Ah, right. I was looking at the task locking and find_lock_task_mm()
handles that but I missed the task pinning part. Will fix.

>
> > + if (!task) {
> > + ret = -ESRCH;
> > + goto put_pid;
> > + }
> > + if (task_will_free_mem(task) && (task->flags & PF_KTHREAD) == 0) {
> > + mm = task->mm;
> > + mmget(mm);
> > + }
> > + task_unlock(task);
> > + if (!mm) {
> > + ret = -EINVAL;
> > + goto put_task;
> > + }
> > +
> > + if (test_bit(MMF_OOM_SKIP, &mm->flags))
> > + goto put_mm;
>
> This is too late to check for MMF_OOM_SKIP. task_will_free_mem will fail
> with the flag being set. I believe you want something like the
> following:
>
> p = find_lock_task_mm(task);
> mm = p->mm;
>
> /* The work has been done already */
> if (test_bit(MMF_OOM_SKIP, &mm->flags)) {
> task_unlock(p);
> goto put_task;
> }
>
> i
> if (!task_will_free_mem(p)) {
> task_unlock(p);
> goto put_task;
> }
>
> mmget(mm);
> task_unlock(p);
>

I see.

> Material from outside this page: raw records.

(* Let $N\ge1$ and let $G$ be the graph consisting of a 5-cycle $C$ together with, for each of the $\binom{5}{3}=10$ triples $S$ of cycle vertices, a set of $N$ new vertices each adjacent exactly to the three vertices of $S$ (so $n=10N+5$). Let $F$ be uniform on $[0,1]$ and $p\in(0,1)$. Then $\mathcal{N}_{p\cdot\mathbf{1}}$ contains an equilibrium with revenue $5p(1-p^{1/3})$ and an equilibrium with revenue $(N+2)p(1-p)$. Consequently, for every fixed $p\in(0,1)$ the ratio between the best and worst equilibrium revenue at price $p$ is $\Omega(n)$.
   Context: Public-goods pricing game: $n$ buyers are the vertices of an undirected graph $G=([n],E)$; $N(i)=\{j:(i,j)\in E\}$ (so $i\notin N(i)$). Values i.i.d. uniform on $[0,1]$, $F(x)=\min\{1,x\}$ for $x\ge0$, $F(\infty)=1$. An equilibrium for price vector $\mathbf{p}$ is $\mathbf{T}\in[0,\infty]^n$ (buyer $i$ purchases iff $v_i\ge T_i$) with $T_i=p_i/\prod_{j\in N(i)}F(T_j)$ for all $i$ (convention $c/0=\infty$); $\mathcal{N}_{\mathbf{p}}$ is the set of equilibria; $\mathcal{R}(\mathbf{p},\mathbf{T})=\sum_ip_i(1-F(T_i))$; $p\cdot\mathbf{1}$ is the uniform price vector. *)

From Stdlib Require Import Reals List Arith.
Import ListNotations.
Open Scope R_scope.

Inductive ereal := Fin (x : R) | Inf.

Definition ereal_nonneg (t : ereal) : Prop :=
  match t with Fin x => 0 <= x | Inf => True end.

Definition Funif (t : ereal) : R :=
  match t with Fin x => Rmin 1 x | Inf => 1 end.

Definition ediv (c d : R) : ereal :=
  if Req_EM_T d 0 then Inf else Fin (c / d).

(* An undirected graph on vertex set [n] = {0,...,n-1}. *)
Record graph := Graph { nv : nat; adj : nat -> nat -> bool }.

Definition nbrs (g : graph) (i : nat) : list nat :=
  filter (adj g i) (seq 0 (nv g)).

Definition prodF (g : graph) (T : nat -> ereal) (i : nat) : R :=
  fold_right Rmult 1 (map (fun j => Funif (T j)) (nbrs g i)).

Definition is_equilibrium (g : graph) (p : nat -> R) (T : nat -> ereal) : Prop :=
  forall i, (i < nv g)%nat ->
    ereal_nonneg (T i) /\ T i = ediv (p i) (prodF g T i).

Definition revenue (g : graph) (p : nat -> R) (T : nat -> ereal) : R :=
  fold_right Rplus 0 (map (fun i => p i * (1 - Funif (T i))) (seq 0 (nv g))).

Definition uniform_price (p : R) : nat -> R := fun _ => p.

(* The specific graph: vertices 0..4 form the 5-cycle C; vertex 5 + m
   (0 <= m < 10N) is a new vertex attached to the triple number (m mod 10),
   so each of the 10 triples gets exactly N new vertices. *)
Definition triples : list (list nat) :=
  [[0;1;2]; [0;1;3]; [0;1;4]; [0;2;3]; [0;2;4];
   [0;3;4]; [1;2;3]; [1;2;4]; [1;3;4]; [2;3;4]]%nat.

Definition in_triple (i t : nat) : bool := existsb (Nat.eqb i) (nth t triples []).

Definition cyc_adj (i j : nat) : bool :=
  (Nat.eqb j ((i + 1) mod 5) || Nat.eqb i ((j + 1) mod 5))%bool.

Definition Gadj (u v : nat) : bool :=
  if (Nat.ltb u 5) then
    (if Nat.ltb v 5 then cyc_adj u v else in_triple u ((v - 5) mod 10))
  else
    (if Nat.ltb v 5 then in_triple v ((u - 5) mod 10) else false).

Definition Gcyc (N : nat) : graph := Graph (10 * N + 5) Gadj.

Let me update the patch and will ask Andrew to remove the
previous version from mm tree.
Thanks for reviewing and pointing out the issues!

>
> > +
> > + if (mmap_read_lock_killable(mm)) {
> > + ret = -EINTR;
> > + goto put_mm;
> > + }
> > + if (!__oom_reap_task_mm(mm))
> > + ret = -EAGAIN;
> > + mmap_read_unlock(mm);
> > +
> > +put_mm:
> > + mmput(mm);
> > +put_task:
> > + put_task_struct(task);
> > +put_pid:
> > + put_pid(pid);
> > + return ret;
> > +#else
> > + return -ENOSYS;
> > +#endif /* CONFIG_MMU */
> > +}
> > --
> > 2.32.0.554.ge1b32706d8-goog
>
> --
> Michal Hocko
> SUSE Labs